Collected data
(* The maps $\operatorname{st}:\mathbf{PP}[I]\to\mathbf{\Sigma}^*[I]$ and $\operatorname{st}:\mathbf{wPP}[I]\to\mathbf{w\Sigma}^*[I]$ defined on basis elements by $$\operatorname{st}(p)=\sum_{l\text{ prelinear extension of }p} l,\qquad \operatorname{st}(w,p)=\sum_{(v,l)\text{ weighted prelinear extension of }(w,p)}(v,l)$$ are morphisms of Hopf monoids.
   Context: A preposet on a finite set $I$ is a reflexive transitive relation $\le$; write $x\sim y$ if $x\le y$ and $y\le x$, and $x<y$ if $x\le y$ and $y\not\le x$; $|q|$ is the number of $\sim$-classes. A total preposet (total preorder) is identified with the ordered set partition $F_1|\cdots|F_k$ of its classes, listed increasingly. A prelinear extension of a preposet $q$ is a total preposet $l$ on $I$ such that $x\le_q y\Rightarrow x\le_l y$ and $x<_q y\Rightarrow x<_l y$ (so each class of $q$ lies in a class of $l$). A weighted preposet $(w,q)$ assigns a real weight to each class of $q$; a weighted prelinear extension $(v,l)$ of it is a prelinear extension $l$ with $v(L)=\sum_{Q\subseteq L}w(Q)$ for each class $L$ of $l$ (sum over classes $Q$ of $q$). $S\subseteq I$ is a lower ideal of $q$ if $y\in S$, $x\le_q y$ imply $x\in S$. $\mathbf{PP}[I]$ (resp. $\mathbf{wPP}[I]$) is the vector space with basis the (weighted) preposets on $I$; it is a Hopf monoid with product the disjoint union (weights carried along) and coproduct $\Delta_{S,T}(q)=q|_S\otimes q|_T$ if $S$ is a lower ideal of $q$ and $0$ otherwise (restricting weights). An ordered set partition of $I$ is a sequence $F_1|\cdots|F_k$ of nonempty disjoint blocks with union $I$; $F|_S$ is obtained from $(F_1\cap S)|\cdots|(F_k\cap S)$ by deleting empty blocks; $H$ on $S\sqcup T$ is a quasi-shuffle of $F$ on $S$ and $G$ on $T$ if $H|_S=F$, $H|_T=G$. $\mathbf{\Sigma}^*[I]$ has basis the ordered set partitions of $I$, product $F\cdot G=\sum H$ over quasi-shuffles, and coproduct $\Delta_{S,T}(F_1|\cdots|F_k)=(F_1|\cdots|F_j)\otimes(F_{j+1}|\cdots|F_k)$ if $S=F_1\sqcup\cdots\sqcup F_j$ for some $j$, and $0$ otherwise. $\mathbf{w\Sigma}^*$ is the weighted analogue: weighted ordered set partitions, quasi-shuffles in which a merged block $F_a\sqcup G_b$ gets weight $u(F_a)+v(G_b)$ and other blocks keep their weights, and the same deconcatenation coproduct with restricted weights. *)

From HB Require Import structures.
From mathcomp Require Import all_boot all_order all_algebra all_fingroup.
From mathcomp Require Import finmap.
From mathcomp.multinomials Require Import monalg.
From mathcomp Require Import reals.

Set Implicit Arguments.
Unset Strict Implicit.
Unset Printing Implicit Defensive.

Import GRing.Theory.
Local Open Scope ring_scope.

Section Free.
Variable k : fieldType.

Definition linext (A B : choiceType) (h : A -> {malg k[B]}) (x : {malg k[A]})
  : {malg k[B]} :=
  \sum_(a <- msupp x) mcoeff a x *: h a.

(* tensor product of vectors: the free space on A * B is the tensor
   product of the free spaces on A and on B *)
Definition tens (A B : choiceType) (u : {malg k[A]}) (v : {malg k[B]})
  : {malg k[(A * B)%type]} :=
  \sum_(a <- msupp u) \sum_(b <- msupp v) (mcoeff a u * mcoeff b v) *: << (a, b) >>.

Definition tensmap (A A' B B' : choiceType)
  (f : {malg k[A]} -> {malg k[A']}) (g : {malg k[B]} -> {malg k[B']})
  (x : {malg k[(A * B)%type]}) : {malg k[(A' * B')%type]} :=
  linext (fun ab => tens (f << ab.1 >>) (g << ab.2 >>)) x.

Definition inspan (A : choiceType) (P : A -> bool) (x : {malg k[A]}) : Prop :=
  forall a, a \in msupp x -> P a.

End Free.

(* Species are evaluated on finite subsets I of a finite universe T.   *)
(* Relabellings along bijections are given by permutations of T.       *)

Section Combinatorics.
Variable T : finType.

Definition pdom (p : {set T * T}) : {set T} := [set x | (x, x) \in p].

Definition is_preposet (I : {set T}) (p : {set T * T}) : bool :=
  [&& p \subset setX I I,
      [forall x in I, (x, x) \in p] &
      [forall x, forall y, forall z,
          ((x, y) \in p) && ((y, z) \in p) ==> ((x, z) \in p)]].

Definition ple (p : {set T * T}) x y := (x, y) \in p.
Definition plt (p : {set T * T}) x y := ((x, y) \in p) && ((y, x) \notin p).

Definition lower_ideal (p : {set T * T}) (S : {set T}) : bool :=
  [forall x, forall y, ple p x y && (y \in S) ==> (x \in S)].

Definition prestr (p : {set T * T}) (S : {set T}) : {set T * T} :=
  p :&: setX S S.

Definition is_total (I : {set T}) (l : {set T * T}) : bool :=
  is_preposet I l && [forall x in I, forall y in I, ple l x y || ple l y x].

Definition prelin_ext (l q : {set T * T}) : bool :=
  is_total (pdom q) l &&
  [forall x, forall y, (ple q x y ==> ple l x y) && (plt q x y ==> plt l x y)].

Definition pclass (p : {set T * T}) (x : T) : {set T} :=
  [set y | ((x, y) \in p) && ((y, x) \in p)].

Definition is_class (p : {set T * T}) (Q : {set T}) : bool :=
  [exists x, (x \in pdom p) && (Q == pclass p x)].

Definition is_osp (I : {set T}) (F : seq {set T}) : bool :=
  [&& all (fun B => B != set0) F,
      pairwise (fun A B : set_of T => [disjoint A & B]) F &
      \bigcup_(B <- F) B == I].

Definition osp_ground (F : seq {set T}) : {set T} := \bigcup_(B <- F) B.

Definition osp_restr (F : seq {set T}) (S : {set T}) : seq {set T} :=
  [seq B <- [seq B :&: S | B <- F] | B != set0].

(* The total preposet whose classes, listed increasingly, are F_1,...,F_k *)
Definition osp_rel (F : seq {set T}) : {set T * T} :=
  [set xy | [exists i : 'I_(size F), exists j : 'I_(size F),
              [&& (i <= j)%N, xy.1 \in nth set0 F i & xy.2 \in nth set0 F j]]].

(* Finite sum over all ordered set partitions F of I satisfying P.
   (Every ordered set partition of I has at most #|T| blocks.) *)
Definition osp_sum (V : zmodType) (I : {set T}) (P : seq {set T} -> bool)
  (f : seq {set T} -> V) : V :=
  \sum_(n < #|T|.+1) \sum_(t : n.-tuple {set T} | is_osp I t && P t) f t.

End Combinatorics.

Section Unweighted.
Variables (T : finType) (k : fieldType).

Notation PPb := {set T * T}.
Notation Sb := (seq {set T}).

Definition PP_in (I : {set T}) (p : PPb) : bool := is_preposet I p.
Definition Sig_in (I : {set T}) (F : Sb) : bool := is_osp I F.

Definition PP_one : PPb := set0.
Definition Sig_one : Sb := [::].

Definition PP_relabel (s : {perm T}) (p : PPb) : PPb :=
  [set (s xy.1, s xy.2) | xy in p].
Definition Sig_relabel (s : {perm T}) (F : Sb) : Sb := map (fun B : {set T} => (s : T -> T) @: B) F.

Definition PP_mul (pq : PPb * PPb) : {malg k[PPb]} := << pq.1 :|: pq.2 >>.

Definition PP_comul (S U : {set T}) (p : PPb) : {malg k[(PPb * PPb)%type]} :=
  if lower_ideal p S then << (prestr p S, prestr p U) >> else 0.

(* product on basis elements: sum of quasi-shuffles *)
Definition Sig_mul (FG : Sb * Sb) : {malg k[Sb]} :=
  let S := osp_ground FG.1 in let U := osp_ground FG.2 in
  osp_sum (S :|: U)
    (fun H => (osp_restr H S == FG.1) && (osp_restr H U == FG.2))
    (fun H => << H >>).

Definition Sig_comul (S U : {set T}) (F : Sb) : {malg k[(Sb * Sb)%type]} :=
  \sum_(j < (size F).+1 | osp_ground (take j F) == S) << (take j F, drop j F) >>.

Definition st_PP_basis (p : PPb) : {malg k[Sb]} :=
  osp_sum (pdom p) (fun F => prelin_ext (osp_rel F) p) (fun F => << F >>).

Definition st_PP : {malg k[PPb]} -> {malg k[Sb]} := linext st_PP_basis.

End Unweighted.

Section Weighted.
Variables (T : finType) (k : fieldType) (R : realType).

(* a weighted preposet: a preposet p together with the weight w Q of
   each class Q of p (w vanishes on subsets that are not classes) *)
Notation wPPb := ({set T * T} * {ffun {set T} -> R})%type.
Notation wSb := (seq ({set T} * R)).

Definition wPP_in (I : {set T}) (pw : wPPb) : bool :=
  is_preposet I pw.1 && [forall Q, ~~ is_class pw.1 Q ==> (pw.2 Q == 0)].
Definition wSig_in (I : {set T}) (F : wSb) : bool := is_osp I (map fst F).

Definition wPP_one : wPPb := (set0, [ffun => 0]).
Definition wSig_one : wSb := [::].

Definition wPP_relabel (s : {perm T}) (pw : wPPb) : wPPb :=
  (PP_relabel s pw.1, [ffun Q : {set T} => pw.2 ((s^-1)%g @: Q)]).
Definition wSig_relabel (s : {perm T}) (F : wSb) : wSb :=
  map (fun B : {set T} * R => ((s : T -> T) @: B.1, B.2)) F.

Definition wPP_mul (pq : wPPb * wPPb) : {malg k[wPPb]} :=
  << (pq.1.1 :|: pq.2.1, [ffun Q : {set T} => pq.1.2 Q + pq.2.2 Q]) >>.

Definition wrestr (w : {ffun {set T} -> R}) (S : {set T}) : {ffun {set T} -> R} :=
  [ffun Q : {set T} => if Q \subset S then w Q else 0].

Work instruction ▸ Please report only the count of lines in the entries above where the word "choiceType" appears.

Your solution ▸ 4